PDBsum entry 2o5t

Oxygen storage/transport

PDB id: 2o5t

Contents

Protein chain

152 a.a. *

Ligands

SO4 ×2

COH

Waters ×147

* Residue conservation analysis

PDB id:

2o5t

Name:

Oxygen storage/transport

Title:

Cobalt horse heart myoglobin, oxidized

Structure:

Myoglobin. Chain: x

Source:

Equus caballus. Horse. Organism_taxid: 9796. Organ: heart

Resolution:

1.60Å R-factor: 0.195 R-free: 0.248

Authors:

G.B.Richter-Addo,Z.N.Zahran,L.Chooback,D.M.Copeland,A.H.West

Key ref:

Z.N.Zahran et al. (2008). Crystal structures of manganese- and cobalt-substituted myoglobin in complex with NO and nitrite reveal unusual ligand conformations. J Inorg Biochem, 102, 216-233. PubMed id: 17905436

Date:

06-Dec-06 Release date: 16-Oct-07

Protein chain

P68082  (MYG_HORSE) -  Myoglobin from Equus caballus

Seq: 154 a.a.

Struc: 152 a.a.

J Inorg Biochem 102:216-233 (2008)

PubMed id: 17905436

Crystal structures of manganese- and cobalt-substituted myoglobin in complex with NO and nitrite reveal unusual ligand conformations.

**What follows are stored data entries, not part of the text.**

(* If $M\Rrightarrow N_1$ and $M\Rrightarrow N_2$, then there exists $N$ such that $N_1\Rrightarrow N$ and $N_2\Rrightarrow N$.
   Context: Terms of $\lambda^{\triangleright}$: transition variables $\alpha,\beta,\dots$; a transition $A,B$ is a finite sequence of transition variables ($\varepsilon$ empty, $AB$ concatenation). Types $\tau ::= b \mid \tau\to\tau \mid \triangleright_\alpha\tau \mid \forall\alpha.\tau$. Terms $M ::= x \mid M\,M \mid \lambda x{:}\tau.M \mid \blacktriangleright_\alpha M \mid \blacktriangleleft_\alpha M \mid \Lambda\alpha.M \mid M\,A$ (quotation, unquotation, transition abstraction, instantiation by a transition); $x$ is bound in $\lambda x{:}\tau.M$ and $\alpha$ in $\Lambda\alpha.M$. For $A=\alpha_1\cdots\alpha_n$: $\blacktriangleright_A M=\blacktriangleright_{\alpha_1}\cdots\blacktriangleright_{\alpha_n}M$, $\blacktriangleleft_A M=\blacktriangleleft_{\alpha_n}\cdots\blacktriangleleft_{\alpha_1}M$ (identity when $A=\varepsilon$), and similarly $\triangleright_A\tau$. $M[x:=N]$ is capture-avoiding term substitution; $M[\alpha:=B]$ is capture-avoiding substitution of a transition $B$ for $\alpha$, replacing $\alpha$ by $B$ in transitions and $\triangleright_\alpha,\blacktriangleright_\alpha,\blacktriangleleft_\alpha$ by $\triangleright_B,\blacktriangleright_B,\blacktriangleleft_B$. Parallel reduction $M\Rrightarrow N$ is inductively defined by: $x\Rrightarrow x$; $M\Rrightarrow N\Rightarrow \lambda x{:}\tau.M\Rrightarrow\lambda x{:}\tau.N$; $M_1\Rrightarrow N_1, M_2\Rrightarrow N_2\Rightarrow M_1M_2\Rrightarrow N_1N_2$; $M_1\Rrightarrow N_1, M_2\Rrightarrow N_2\Rightarrow(\lambda x{:}\tau.M_1)M_2\Rrightarrow N_1[x:=N_2]$; $M\Rrightarrow N\Rightarrow\Lambda\alpha.M\Rrightarrow\Lambda\alpha.N$; $M\Rrightarrow N\Rightarrow M\,A\Rrightarrow N\,A$; $M\Rrightarrow N\Rightarrow(\Lambda\alpha.M)\,A\Rrightarrow N[\alpha:=A]$; $M\Rrightarrow N\Rightarrow\blacktriangleright_\alpha M\Rrightarrow\blacktriangleright_\alpha N$; $M\Rrightarrow N\Rightarrow\blacktriangleleft_\alpha M\Rrightarrow\blacktriangleleft_\alpha N$; and, for any transition $A$, $M\Rrightarrow N\Rightarrow\blacktriangleleft_A\blacktriangleright_A M\Rrightarrow N$. *)

(* Syntax of lambda^triangleright with de Bruijn indices:
   term variables and transition variables live in two separate index
   namespaces.  Lam binds term index 0; TLam (Lambda alpha) and TAll bind
   transition index 0. *)
From Stdlib Require Import List Arith.
Import ListNotations.
(* Let $L/K$ be a Galois extension of number fields with Galois group $G=\{\sigma_{g_1},\dots,\sigma_{g_n}\}$ and $R\subseteq S$ the rings of integers. For $1\le l\le n$ let $I_{g_l}=\{\sigma_{g_l},\sigma_{g_{l+1}},\dots,\sigma_{g_n}\}$, and let $P_l=(S\otimes_RS)/(S\otimes_RS)_{I_{g_l}^c}$. Then for $1\le i,j\le n$, $$[(S\otimes_RS)_{I_{g_j}^c}:(S\otimes_RS)_{I_{g_i}^c}]=(S\otimes_RS)_{I_{g_i}\cup I_{g_j}^c},$$ and the map $F:\operatorname{Hom}_{S\otimes_RS}(P_i,P_j)\to(S\otimes_RS)_{I_{g_i}\cup I_{g_j}^c}/(S\otimes_RS)_{I_{g_j}^c}$, $F(f)=f\big(1\otimes1+(S\otimes_RS)_{I_{g_i}^c}\big)$, is an isomorphism of $S\otimes_RS$-modules.
   Context: $\phi_{g_k}:L\otimes_KL\to L$ is $l_1\otimes l_2\mapsto\sigma_{g_k}(l_1)l_2$, with $S\otimes_RS$ regarded as a subring of $L\otimes_KL$. For $I\subseteq G$, $(S\otimes_RS)_I=\{x\in S\otimes_RS:\phi_{g_k}(x)=0$ for all $k$ with $\sigma_{g_k}\notin I\}$, an ideal of $S\otimes_RS$; $I^c=G\setminus I$. For ideals $I,J$ of a commutative ring $T$, $[J:I]=\{x\in T:xI\subseteq J\}$. *)

From HB Require Import structures.
From mathcomp Require Import all_boot all_order all_algebra all_fingroup all_field.
Set Implicit Arguments. Unset Strict Implicit. Unset Printing Implicit Defensive.
Import GRing.Theory.
Local Open Scope ring_scope.
(* Let $G$ be a subgroup of $\Sigma_n$ and let $G^+=G\cap\Sigma_n^+$. Suppose that the set of atoms $S=\{s_1,\dots,s_n\}$ of $G^+$ has exactly $n$ elements, generates $G$, and that there is a positive integer $k$ with $D_{s_i}=D_i^k$ for all $i$. Define a binary operation on $S$ by $s_i*s_j=s_{\psi(s_i)(j)}$. Then the following are equivalent: (i) $G$ is permutation-free, i.e. the only permutation matrix in $G$ is the identity; (ii) $s(s*t)=t(t*s)$ in $G$ for all $s,t\in S$; (iii) $(S,* )$ is a cycle set and $G$ is its structure group (i.e. $s\mapsto s$ induces an isomorphism from the structure group of $(S,* )$ onto $G$).
   Context: $\Sigma_n$ is the group of $n\times n$ monomial matrices (exactly one nonzero entry in each row and column) over $\mathbb Q[q,q^{-1}]$, $q$ an indeterminate, whose nonzero entries are integer powers of $q$; $\Sigma_n^+$ is the submonoid of those whose nonzero entries are nonnegative powers of $q$. For $\sigma\in\mathfrak S_n$, $P_\sigma$ is the matrix with entry $1$ at $(i,\sigma(i))$ and $0$ elsewhere. Every monomial matrix $m$ decomposes uniquely as $m=D_mP_m$ with $D_m$ diagonal and $P_m=P_{\psi(m)}$ a permutation matrix; $\psi(m)\in\mathfrak S_n$ is the associated permutation. $D_i$ denotes $\mathrm{diag}(1,\dots,1,q,1,\dots,1)$ with $q$ in the $i$-th position. An atom of $G^+$ is an element $a\neq I$ of $G^+$ such that $a=bc$ with $b,c\in G^+$ implies $b=I$ or $c=I$. A cycle set is a set $S$ with binary operation $*$ such that each $t\mapsto s*t$ is bijective and $(s*t)*(s*u)=(t*s)*(t*u)$ for all $s,t,u$; its structure group is the group with generators $S$ and relations $s(s*t)=t(t*s)$ for $s\ne t$. *)

From HB Require Import structures.
From mathcomp Require Import all_boot all_order all_algebra all_fingroup.
From mathcomp Require Export fraction.
Set Implicit Arguments. Unset Strict Implicit. Unset Printing Implicit Defensive.
Import Order.TTheory GRing.Theory Num.Theory.
Local Open Scope ring_scope.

Z.N.Zahran, L.Chooback, D.M.Copeland, A.H.West, G.B.Richter-Addo.

ABSTRACT

Nitrite is now recognized as a storage pool of bioactive nitric oxide (NO). Hemoglobin (Hb) and myoglobin (Mb) convert, under certain conditions, nitrite to NO. This newly discovered nitrite reductase activity of Hb and Mb provides an attractive alternative to mammalian NO synthesis from the NO synthase pathway that requires dioxygen. We recently reported the X-ray crystal structure of the nitrite adduct of ferric horse heart Mb, and showed that the nitrite ligand binds in an unprecedented O-binding (nitrito) mode to the d(5) ferric center in Mb(III)(ONO) [D.M. Copeland, A. Soares, A.H. West, G.B. Richter-Addo, J. Inorg. Biochem. 100 (2006) 1413-1425]. We also showed that the distal pocket in Mb allows for different conformations of the NO ligand (120 degrees and 144 degrees ) in Mb(II)NO depending on the mode of preparation of the compound. In this article, we report the crystal structures of the nitrite and NO adducts of manganese-substituted hh Mb (a d(4) system) and of the nitrite adduct of cobalt-substituted hh Mb (a d(6) system). We show that the distal His64 residue directs the nitrite ligand towards the rare nitrito O-binding mode in Mn(III)Mb and Co(III)Mb. We also report that the distal pocket residues allow a stabilization of an unprecendented bent MnNO moiety in Mn(II)MbNO. These crystal structural data, when combined with the data for the aquo, methanol, and azide MnMb derivatives, provide information on the role of distal pocket residues in the observed binding modes of nitrite and NO ligands to wild-type and metal-substituted Mb.